- Genre: Drama
- Written by: Robert Presnell Jr.
- Directed by: Jerry Jameson
- Starring: Robert Reed Hope Lange Sylvia Sidney Robin Mattson
- Country of origin: United States
- Original language: English

Production
- Running time: 90 min.
- Production companies: Chuck Fries Productions, Inc. NBC Entertainment

Original release
- Network: NBC
- Release: February 18, 1975

= The Secret Night Caller =

1975 American television film

The Secret Night Caller, is a 1975 American television film directed by Jerry Jameson.

== Plot ==
Husband, father and IRS tax agent Fred Durant, despite being a respected suburbanite, is often plagued by lewd thoughts. To satisfy his thoughts, in the evening, he anonymously calls women and releases his perverse thoughts on them. During one of these calls, Charlotte, a coworker who works in Fred's office hears these calls and is so shocked by them that she winds up hospitalized after a car accident. After this, Fred confesses his lewd desires to a psychiatrist.

After being emasculated by his wife and mother, Fred empowers himself with obscene phone calls. Later, he attacks his wife and a stripper who shames him. In the final act, Fred drunkenly babbles about his regrets and his sexless marriage prior to exploding with rage.

== Production ==
It was released in February 18, 1975 on NBC.

== Reception ==
Steven Puchalski of Shock Cinema Magazine criticized the script's psychology, stating that it was "all too simplistic" and called the finale a "mess of bad decisions and violence." However, he did praise Robert Reed's performance as Durant, saying "Damn, I didn't think Reed had it in him!". He also stated, "you almost begin to sympathize with this disturbed schmuck." when referring to Durant's mental breakdown. Cranky Lesbian also praised Reed's performance, stating it was "wonderfully sensitive" and "tightly controlled". She criticized the film's tonal shifts, noting that although the first half was "relatively amusing," the second half became "just plain dark".
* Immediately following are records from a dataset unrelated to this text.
Lemma principal_reduction A G D Gc Dc :
  (forall B, cut_reduct A B -> cut_admissible Th SC B) ->
  right_premises Th SC A Gc Dc -> left_premises Th SC A G D ->
  incl Gc G -> incl Dc D -> cf G D.
Proof.
  intros IHc HR HL HG HD. destruct A as [n | p | p q | p q | p q | | | p]; simpl in HR, HL; try contradiction.
  - apply (cut_shared p _ _ _ _ _ _ (IHc p eq_refl) HL HR); solve_incl.
  - destruct HR as [Hp Hq].
    assert (Hpq : cf (p :: G) D)
      by (apply (cut_shared q _ _ _ _ _ _ (IHc _ (or_intror eq_refl)) Hq HL); solve_incl).
    apply (cut_shared p _ _ _ _ _ _ (IHc _ (or_introl eq_refl)) Hp Hpq); solve_incl.
  - destruct HL as [Hp Hq].
    assert (Hq' : cf G (q :: D))
      by (apply (cut_shared p _ _ _ _ _ _ (IHc _ (or_introl eq_refl)) HR Hp); solve_incl).
    apply (cut_shared q _ _ _ _ _ _ (IHc _ (or_intror eq_refl)) Hq' Hq); solve_incl.
  - destruct HL as [Hp Hq].
    assert (Hq' : cf G (q :: D))
      by (apply (cut_shared p _ _ _ _ _ _ (IHc _ (or_introl eq_refl)) Hp HR); solve_incl).
    apply (cut_shared q _ _ _ _ _ _ (IHc _ (or_intror eq_refl)) Hq' Hq); solve_incl.
  - destruct HR as [S [HS [Hsc Hd]]].
    assert (Hant : cf (bigAnd (map fst S) :: G) D).
    { apply bigAnd_left.
      assert (H := HL (nodup pair_dec S) (NoDup_nodup _ _)
                   (fun r Hr => HS r (proj1 (nodup_In _ _ _) Hr)) (SC_nodup S p Hsc)).
      apply (Der_incl _ _ _ _ _ _ _ H); [| apply incl_refl].
      apply incl_app; [| apply incl_appr, incl_refl].
      apply incl_appl. intros y; apply In_map_nodup. }
    assert (Hbf : boxfree (bigAnd (map fst S))).
    { apply boxfree_bigAnd. intros x Hx. apply in_map_iff in Hx as [r [<- Hr]].
      exact (proj1 (causal _ _ (HS r Hr))). }
    apply (cut_shared _ _ _ _ _ _ _ (IHc _ Hbf) Hd Hant); solve_incl.
Qed.

Section Reduction.
Variable A : form.
Hypothesis IHc : forall B, cut_reduct A B -> cut_admissible Th SC B.

Section LeftOccurrences.
Variables Gc Dc : list form.
Hypothesis HR : right_premises Th SC A Gc Dc.

Lemma left_case F G D :
  left_premises Th SC F (Gc ++ rm A G) (D ++ Dc) -> cf (Gc ++ rm A (F :: G)) (D ++ Dc).
Proof.
  intro HL. destruct (form_eq_dec F A) as [-> | HFA].
  - assert (H := principal_reduction A _ _ _ _ IHc HR HL
                   ltac:(solve_incl) ltac:(solve_incl)).
    by_struct.
  - assert (H := left_intro F _ _ HL). by_struct.
Qed.

Lemma elim_left_occurrences G D : cf G D -> cf (Gc ++ rm A G) (D ++ Dc).
Proof.
  intro H. induction H; try discriminate; try by_struct.
  - destruct (form_eq_dec p A) as [-> | HpA].
    + assert (H := right_intro A _ _ HR). by_struct.
    + assert (H := d_ax Th SC false p). by_struct.
  - apply (left_case Bot [] []). exact I.
  - apply right_intro. exact I.
  - apply left_case. by_struct.
  - apply right_intro. by_struct.
  - apply left_case. by_struct.
  - apply right_intro. split; by_struct.
  - apply left_case. split; by_struct.
  - apply right_intro. by_struct.
  - apply left_case. split; by_struct.
  - apply right_intro. by_struct.
  - apply right_intro. exists S. repeat split; auto.
  - apply left_case. intros S Hn Ht Hs.
    specialize (H0 S Hn Ht Hs). by_struct.
Qed.

End LeftOccurrences.

Section RightOccurrences.
Variables G' D' : list form.
Hypothesis HL : cf (A :: G') D'.

Lemma right_case F G D :
  right_premises Th SC F (G ++ G') (rm A D ++ D') -> cf (G ++ G') (rm A (F :: D) ++ D').
Proof.
  intro HR. destruct (form_eq_dec F A) as [-> | HFA].
  - assert (H := elim_left_occurrences _ _ HR _ _ HL). by_struct.
  - assert (H := right_intro F _ _ HR). by_struct.
Qed.

Lemma elim_right_occurrences G D : cf G D -> cf (G ++ G') (rm A D ++ D').
Proof.
  intro H. induction H; try discriminate; try by_struct.
  - destruct (form_eq_dec p A) as [-> | HpA].
    + by_struct.
    + assert (H := d_ax Th SC false p). by_struct.
  - apply left_intro. exact I.
  - apply (right_case Top [] []). exact I.
  - apply left_intro. by_struct.
  - apply right_case. by_struct.
  - apply left_intro. by_struct.
  - apply right_case. split; by_struct.
  - apply left_intro. split; by_struct.
  - apply right_case. by_struct.
  - apply left_intro. split; by_struct.
  - apply right_case. by_struct.
  - apply right_case. exists S. repeat split; auto. by_struct.
  - apply left_intro. intros S Hn Ht Hs.
    specialize (H0 S Hn Ht Hs). by_struct.
Qed.

End RightOccurrences.

Lemma cut_step : cut_admissible Th SC A.
Proof.
  intros G D G2 D2 H1 H2.
  assert (H := elim_right_occurrences G2 D2 H2 _ _ H1). by_struct.
Qed.

End Reduction.

Lemma cut_admissible_boxfree A : boxfree A -> cut_admissible Th SC A.
Proof.
  induction A; simpl; intros Hbf; apply cut_step; simpl; intros B HB;
    try contradiction; intuition (subst; auto).
Qed.

Lemma cut_admissible_all A : cut_admissible Th SC A.
Proof.
  induction A; apply cut_step; simpl; intros B HB;
    try contradiction; intuition (subst; auto using cut_admissible_boxfree).
Qed.

(* Multicut reduces to a single cut, since sequents behave as sets. *)
Lemma multicut_admissible G D G' D' p m n :
  cf G (repeat p m ++ D) -> cf (repeat p n ++ G') D' -> cf (G ++ G') (D ++ D').
Proof.
  intros H1 H2.
  assert (Hrep : forall k x, In x (repeat p k) -> p = x)
    by (intros k x Hx; symmetry; eapply repeat_spec; eauto).
  apply (cut_admissible_all p).
  - apply (Der_incl _ _ _ _ _ _ _ H1); [apply incl_refl |].
    intros x Hx. apply in_app_iff in Hx as [Hx | Hx]; [left | right]; eauto.
  - apply (Der_incl _ _ _ _ _ _ _ H2); [| apply incl_refl].
    intros x Hx. apply in_app_iff in Hx as [Hx | Hx]; [left | right]; eauto.
Qed.

End CutElimination.

Theorem mainTheorem7 :
  forall (Th : causal_theory), is_causal_theory Th ->
  forall (SC : list form -> form -> Prop),
    (forall ps p, SC ps p <-> Der Th SC true ps (p :: nil)) ->
  forall (G D : list form), Der Th SC true G D -> Der Th SC false G D.
Proof.
  intros Th causal SC SC_derivable G D H.
  induction H; try solve [econstructor; eauto].
  eapply multicut_admissible; eauto.
Qed.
Lisa Marie Bowman of The Shattered Lens noted that Durant was meant to come across as being the exact opposite of Mike Brady of The Brady Bunch, stating that "whereas Mike Brady was the perfect father, Freddy is cold, distant, and repressed". She stated that although Fred was surrounded by a "fine" supporting cast, it was "impossible not to associate Robert Reed with the show". A reporter of The Evening News also noted the contrast, stating that the role of Durant was "offbeat casting for Reed".